------ Information provided

(* Let N be the vertex-clique incidence matrix of the graph, so that N^T N is
   the adjacency matrix of C_w plus w I, since two distinct w-cliques share at
   most one vertex.  Counting (vertex, neighbour, clique) triples gives
   n k = |C_w| w (w - 1); hence equal orders force k = w (w - 1).  Conversely,
   if k = w (w - 1) then every vertex lies in exactly w cliques, |C_w| = n,
   N N^T = A + w I and all line sums of N are w.  The srg identity
   A^2 = (l - m) A + (k - m) I + m J turns into a quadratic identity p(N N^T) = 0
   with a J-term.  The symmetric matrix X = p(N^T N) then satisfies X N^T = 0,
   so X kills N^T N and J and X^2 is a multiple of X, while tr X = 0 because
   N N^T and N^T N have the same size and the same traces of powers; so
   tr X^2 = 0 and X = 0, which is the srg identity for C_w. *)

From mathcomp Require Import all_boot all_order all_algebra algC.
From mathcomp Require Import ring.
Set Implicit Arguments. Unset Strict Implicit. Unset Printing Implicit Defensive.
Import GRing.Theory Num.Theory.

Section SrgResidual.
Variable R : realDomainType.
Local Open Scope ring_scope.

Definition srg_resid n (c d mu : R) (M : 'M[R]_n) : 'M[R]_n :=
  M *m M - c *: M - d%:M - mu *: const_mx 1.

Lemma srg_resid_eq0 n (c d mu : R) (M : 'M[R]_n) :
  (srg_resid c d mu M = 0) <-> (M *m M = c *: M + d%:M + mu *: const_mx 1).
Proof.
have -> : srg_resid c d mu M = M *m M - (c *: M + d%:M + mu *: const_mx 1).
  by rewrite /srg_resid !opprD !addrA.
by split=> [/eqP | ->]; [rewrite subr_eq0 => /eqP | rewrite subrr].
Qed.

Lemma srg_resid_shift n (c d mu s : R) (A : 'M[R]_n) :
  srg_resid (c + s *+ 2) (d - c * s - s ^+ 2) mu (A + s%:M) =
  srg_resid c d mu A.
Proof.
rewrite /srg_resid mulmxDl !mulmxDr mul_mx_scalar mul_scalar_mx -scalar_mxM.
by apply/matrixP => i j; rewrite !mxE; ring.
Qed.

Lemma mxtrace_srg_resid n (c d mu : R) (M : 'M[R]_n) :
  \tr (srg_resid c d mu M) = \tr (M *m M) - c * \tr M - (d + mu) *+ n.
Proof.
rewrite !raddfB /= !mxtraceZ mxtrace_scalar.
have -> : \tr (const_mx 1 : 'M[R]_n) = n%:R.
  by rewrite /mxtrace (eq_bigr (fun _ => 1)) ?sumr_const ?card_ord // => i _; rewrite mxE.
by rewrite mulr_natr mulrnDl opprD addrA.
Qed.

------------

Work required:
Return a faithful copy of all the records above.

Finished exercise:
(* Let N be the vertex-clique incidence matrix of the graph, so that N^T N is
   the adjacency matrix of C_w plus w I, since two distinct w-cliques share at
   most one vertex.  Counting (vertex, neighbour, clique) triples gives
   n k = |C_w| w (w - 1); hence equal orders force k = w (w - 1).  Conversely,
   if k = w (w - 1) then every vertex lies in exactly w cliques, |C_w| = n,
   N N^T = A + w I and all line sums of N are w.  The srg identity
   A^2 = (l - m) A + (k - m) I + m J turns into a quadratic identity p(N N^T) = 0
   with a J-term.  The symmetric matrix X = p(N^T N) then satisfies X N^T = 0,
   so X kills N^T N and J and X^2 is a multiple of X, while tr X = 0 because
   N N^T and N^T N have the same size and the same traces of powers; so
   tr X^2 = 0 and X = 0, which is the srg identity for C_w. *)

From mathcomp Require Import all_boot all_order all_algebra algC.
From mathcomp Require Import ring.
Set Implicit Arguments. Unset Strict Implicit. Unset Printing Implicit Defensive.
Import GRing.Theory Num.Theory.

Section SrgResidual.
Variable R : realDomainType.
Local Open Scope ring_scope.

Definition srg_resid n (c d mu : R) (M : 'M[R]_n) : 'M[R]_n :=
  M *m M - c *: M - d%:M - mu *: const_mx 1.

Lemma srg_resid_eq0 n (c d mu : R) (M : 'M[R]_n) :
  (srg_resid c d mu M = 0) <-> (M *m M = c *: M + d%:M + mu *: const_mx 1).
Proof.
have -> : srg_resid c d mu M = M *m M - (c *: M + d%:M + mu *: const_mx 1).
  by rewrite /srg_resid !opprD !addrA.
by split=> [/eqP | ->]; [rewrite subr_eq0 => /eqP | rewrite subrr].
Qed.

Lemma srg_resid_shift n (c d mu s : R) (A : 'M[R]_n) :
  srg_resid (c + s *+ 2) (d - c * s - s ^+ 2) mu (A + s%:M) =
  srg_resid c d mu A.
Proof.
rewrite /srg_resid mulmxDl !mulmxDr mul_mx_scalar mul_scalar_mx -scalar_mxM.
by apply/matrixP => i j; rewrite !mxE; ring.
Qed.

Lemma mxtrace_srg_resid n (c d mu : R) (M : 'M[R]_n) :
  \tr (srg_resid c d mu M) = \tr (M *m M) - c * \tr M - (d + mu) *+ n.
Proof.
rewrite !raddfB /= !mxtraceZ mxtrace_scalar.
have -> : \tr (const_mx 1 : 'M[R]_n) = n%:R.
  by rewrite /mxtrace (eq_bigr (fun _ => 1)) ?sumr_const ?card_ord // => i _; rewrite mxE.
by rewrite mulr_natr mulrnDl opprD addrA.
Qed.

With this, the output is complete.